Thanks for all the careful reviews that helped tremendously in improving the code quality (and forcing me to improve my ELF wrangling skills).

I've gone through the especially hard parts (getLoongArchPageDelta in particular; I had to JIT some funclets to ensure the operation is 100% correct) and I believe they should be good to go... And if things go awry I would surely be around to fix. Thanks go to everyone who has helped reviewing this code.

A question: does LLD automatically supports pack-relative-relocs once a new port is added? I'm trying to implement it for LoongArch BFD linker but it seems I don't have enough skill.

xen0n added a comment.Jul 25 2023, 1:37 AM

A question: does LLD automatically supports pack-relative-relocs once a new port is added? I'm trying to implement it for LoongArch BFD linker but it seems I don't have enough skill.

It seems to be the case. Last time I did the Gentoo LLVM bootstrap I saw binaries full with DT_RELR (I didn't remember if I manually forced the flag or not; Gentoo seems to enable it in some base profile anyway) and the glibc rtld consumed them just fine.

This revision was landed with ongoing or failed builds.Jul 25 2023, 2:11 AM
This revision was automatically updated to reflect the committed changes.
xen0n added a comment.Jul 25 2023, 2:12 AM

A question: does LLD automatically supports pack-relative-relocs once a new port is added? I'm trying to implement it for LoongArch BFD linker but it seems I don't have enough skill.

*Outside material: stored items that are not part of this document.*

(* Let $\lambda>0$, $\gamma>0$, and let $\beta_1=\beta_1(\gamma)$ be the unique positive solution of $\frac{\sqrt\pi}{2}\gamma x(1+x)^{1/2}(3+x)=1$. Let $h:[0,\lambda]\to\mathbb{R}$ be a bounded analytic function with $0\le h\le 1$, let $\eta\in[0,\lambda]$ and $b_1,b_2\in[0,\beta_1)$. Then $$\int_0^\eta\left|\frac{\exp\left(-2\int_0^x\frac{\xi}{1+b_1h(\xi)}d\xi\right)}{1+b_1h(x)}-\frac{\exp\left(-2\int_0^x\frac{\xi}{1+b_2h(\xi)}d\xi\right)}{1+b_2h(x)}\right|dx\le\frac{1}{2\gamma\beta_1}|b_1-b_2|.$$ *)

From Stdlib Require Import Reals.
From Coquelicot Require Import Coquelicot.
Open Scope R_scope.

Definition analytic_on (h : R -> R) (a b : R) : Prop :=
  forall x0, a <= x0 <= b ->
    exists (c : nat -> R) (r : R), 0 < r /\
      forall x, a <= x <= b -> Rabs (x - x0) < r ->
        is_pseries c (x - x0) (h x).

Definition Fb (h : R -> R) (b x : R) : R :=
  exp (-2 * RInt (fun xi => xi / (1 + b * h xi)) 0 x) / (1 + b * h x).

(* Write F_b = exp (-2 G_b) / (1 + b h) with G_b x = int_0^x xi / (1 + b h xi) dxi.
   For b1 <= b2 <= beta and 0 <= h <= 1 the phases satisfy
   x^2 / (2 (1 + beta)) <= G_b2 <= G_b1 <= (1 + b2 - b1) G_b2, which yields the pointwise
   bound |F_b1 - F_b2| <= (b2 - b1) e^-s max(1, s) with s = x^2 / (1 + beta).  Bounding this
   by 1 on [0, sqrt (1 + beta)] and by a function with an explicit primitive beyond gives
   int_0^eta |F_b1 - F_b2| <= (b2 - b1) sqrt (1 + beta) (1 + 3 / (4 e)), and the equation
   defining beta1 shows that this constant is at most 1 / (2 gam beta1).
   Analyticity of h is only used for continuity (clamping then extends h continuously to R). *)

From Stdlib Require Import Reals Lra.
From Coquelicot Require Import Coquelicot.
Open Scope R_scope.

Lemma Rabs_sub_le_Rmax (u v : R) : 0 <= u -> 0 <= v -> Rabs (u - v) <= Rmax u v.
Proof.
  intros. unfold Rmax. destruct Rle_dec; unfold Rabs; destruct Rcase_abs; lra.
Qed.

Lemma exp_le_exp_of_le (x y : R) : x <= y -> exp x <= exp y.
Proof. intros [Hlt | ->]; [left; apply exp_increasing | right]; auto. Qed.

Lemma exp_opp_sub_le (u v : R) : u <= v -> exp (- u) - exp (- v) <= (v - u) * exp (- u).
Proof.
  intros Huv.
  assert (Hsplit : exp (- v) = exp (- u) * exp (u - v)).
  { rewrite <- exp_plus. f_equal. ring. }
  pose proof (exp_ineq1_le (u - v)). pose proof (exp_pos (- u)). nra.
Qed.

It seems to be the case. Last time I did the Gentoo LLVM bootstrap I saw binaries full with DT_RELR (I didn't remember if I manually forced the flag or not; Gentoo seems to enable it in some base profile anyway) and the glibc rtld consumed them just fine.

I've just confirmed with a fresh QEMU build that the support is indeed working end-to-end.

It looks like there's a test failure happening in post-commit from one of the newly added tests: https://lab.llvm.org/buildbot/#/builders/42/builds/10617 Can you investigate (and revert if that's going to take a while to resolve)?

It looks like there's a test failure happening in post-commit from one of the newly added tests: https://lab.llvm.org/buildbot/#/builders/42/builds/10617 Can you investigate (and revert if that's going to take a while to resolve)?

I guess it's D156293.

ruiu added a subscriber: ruiu.Aug 8 2023, 1:16 AM
ruiu added inline comments.
lld/ELF/Arch/LoongArch.cpp
162–163

Don't you need to recompute negativeA after adding 0x1000 to result? That yields a different result if the original result` value happened to be 0x7fff'f000.